There is also the fact that we want to answer some of the questions raised by goal-directedness for AI safety. And thus even if the complete picture is lacking, having a theory capturing this aspect would already be a big progress.
Thanks for the comment, and sorry for taking that long to answer, I had my hands full with the application for the LTFF.
Except your first one (I go into that below), I agree with all your criticisms of my argument. I also realized that the position opposite of mine was not to think that we care about something else than the behavior, but that specifying what matters in the behavior might require thinking about the insides. I still disagree, but I don’t think I have conclusive arguments for that debate. The best I can do is try to do it and see if I fail.
About your first point:
Well, the questions I care about (and the ones Rohin asked) are actually about goal-directed AI. It’s about whether it must be goal-directed, and whether making it not/less goal-directed improves its safety. So I’m clearly not considering “what humans want” first, even if it would be a nice consequence.
Yeah, I definitely see that you’re trying to do a useful thing here, and the fact that you’re not doing some other useful thing doesn’t make the current efforts any less useful.
That said, I would suggest that, if you’re thinking about a notion of “goal-directedness” which isn’t even intended to capture many of the things people often call “goal-directedness”, then maybe finding a better name for the thing you want to formalize would be a useful step. It feels like the thing you’re trying to formalize is not actually goal-directedness per se, and figuring out what it is would likely be a big step forward in terms of figuring out the best ways to formalize it and what properties it’s likely to have.
(Alternatively, if you really do want a general theory of goal-directedness, then I strongly recommend brainstorming many use-cases/examples and figuring out what unifies all of them.)
Drawing an analogy to my current work: if I want to formulate a general notion of abstraction, then that project is about making it work on as many abstraction-use-cases as possible. On the other hand, if I just want a formulation of abstraction to solve one or two particular problems, then a solution to that might not need to be a general formulation of abstraction—and figuring out what it does need to be would probably help me avoid the hard work of building a fully general theory.

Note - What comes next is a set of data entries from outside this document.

Lemma lambda_right_approx t : 0 < t ->
  forall e, 0 < e -> exists2 a, t < a & lambda t - e <= lambda a.
Proof.
move=> t0 e e0; have mL := measurable_superlevel t.
set L := superlevel Xs f t in mL *; set E := [set x | f x = t].
have mE : measurable E.
  by rewrite -[E]setTI; exact: mf measurableT _ (measurable_set1 t).
have muL : (mu L < +oo)%E := measure_superlevel_lty _ t0.
pose F n := superlevel Xs f (t + n.+1%:R^-1).
have F_nd : {homo F : n m / (n <= m)%N >-> (n <= m)%O}.
  move=> n m nm; rewrite subsetEset => x [Xx fx]; split => //.
  by apply: le_trans fx; rewrite lerD2l natSinv_le.
have UF : \bigcup_n F n = L `\` E.
  apply/seteqP; split => x.
  - move=> [n _ [Xx fx]]; have tfx : t < f x.
      by apply: lt_le_trans fx; rewrite ltrDl invr_gt0.
    by split; [split => //; exact: ltW|move=> /= fxt; rewrite fxt ltxx in tfx].
  - move=> [[Xx tx] /eqP fxt]; have /ltr_add_invr[n tn] : t < f x.
      by rewrite lt_neqAle eq_sym fxt.
    by exists n => //; split => //; exact: ltW.
have null_level : mu (L `&` E) = 0%E.
  have mLE : measurable (L `&` E) by exact: measurableI.
  have : (t%:E * mu (L `&` E) <= 0)%E.
    apply: (le_trans (density_ge _ _ mLE (ltW t0) _)); first by move=> x [[]].
    by rewrite -(nu_level0 _ t0) le_measure ?inE //; exact: subIsetr.
  rewrite pmule_rle0 ?lte_fin // => null_le0.
  by apply/eqP; rewrite eq_le null_le0 measure_ge0.
have mUF : measurable (\bigcup_n F n) by rewrite UF; exact: measurableD.
have : mu (F n) @[n --> \oo] --> mu (L `\` E).
  rewrite -UF; exact: nondecreasing_cvg_mu (fun=> measurable_superlevel _)
    mUF F_nd.
rewrite measureD //= null_level sube0 -[X in _ --> X]fineK ?ge0_fin_numE //.
move=> /fine_cvgP[_ /cvgrPdist_le /(_ e e0) [N _ /(_ N (leqnn N)) /= LN]].
exists (t + N.+1%:R^-1); first by rewrite ltrDl invr_gt0.
by move: LN; rewrite ler_norml => /andP[_]; lra.
Qed.

Lemma lambda_left_approx t : 0 < t ->
  forall e, 0 < e -> exists2 b, 0 < b < t & lambda b <= lambda t + e.
Proof.
move=> t0 e e0; have [m] := ltr_add_invr t0; rewrite add0r => mt.
pose s n := t - (n + m).+1%:R^-1.
have s_gt0 n : 0 < s n.
  by rewrite subr_gt0 (le_lt_trans _ mt) // natSinv_le // leq_addl.
have s_lt n : s n < t by rewrite ltrBlDr ltrDl invr_gt0.
pose G n := superlevel Xs f (s n).
have G_ni : {homo G : n n' / (n <= n')%N >-> (n' <= n)%O}.
  move=> n n' nn'; rewrite subsetEset => x [Xx fx]; split => //.
  by apply: le_trans fx; rewrite lerD2l lerN2 natSinv_le // leq_add2r.
have IG : \bigcap_n G n = superlevel Xs f t.
  apply/seteqP; split => x.
  - move=> Gx; have [Xx _] := Gx 0%N I; split => //.
    rewrite leNgt; apply/negP => /ltr_add_invr[k fk].
    have [_] := Gx k I; rewrite /s => ta.
    have := @natSinv_le R _ _ (leq_addr m k); apply/negP; rewrite -ltNge.
    by rewrite -(ltrD2l (f x)); apply: (lt_le_trans fk); rewrite -lerBlDr.
  - by move=> [Xx tx] n _; split => //; exact: le_trans (ltW (s_lt n)) tx.
have mIG : measurable (\bigcap_n G n) by rewrite IG.
have : mu (G n) @[n --> \oo] --> mu (superlevel Xs f t).
  rewrite -IG; exact: nonincreasing_cvg_mu (measure_superlevel_lty _ (s_gt0 0%N))
    (fun=> measurable_superlevel _) mIG G_ni.
rewrite -[X in _ --> X]fineK ?ge0_fin_numE ?measure_superlevel_lty //.
move=> /fine_cvgP[_ /cvgrPdist_le /(_ e e0) [N _ /(_ N (leqnn N)) /= LN]].
exists (s N); first by rewrite s_gt0 s_lt.
by move: LN; rewrite ler_norml => /andP[]; lra.
Qed.

Lemma lambda_continuous t : 0 < t -> {for t, continuous (fun s => lambda s)}.
Proof.
move=> t0; apply: nonincreasing_continuous.
- exact: lambda_nonincreasing.
- exact: lambda_right_approx.
- exact: lambda_left_approx.
Qed.

End bathtub.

You make a good point. Actually, I think I answered a bit too fast, maybe because I was in the defensive (given the content of your comment). We probably are actually trying to capture the intuitive goal-directedness, in the sense that many of our examples, use-cases, intuitions and counter-examples draw on humans.
What I reacted against is a focus solely on humans. I do think that goal-directedness should capture/explain humans, but I also believe that studying simpler settings/systems will provide many insight that would be lost in the complexity of humans. It’s in that sense that I think the bulk of the formalization/abstraction work should focus less on humans than you implied.
There is also the fact that we want to answer some of the questions raised by goal-directedness for AI safety. And thus even if the complete picture is lacking, having a theory capturing this aspect would already be a big progress.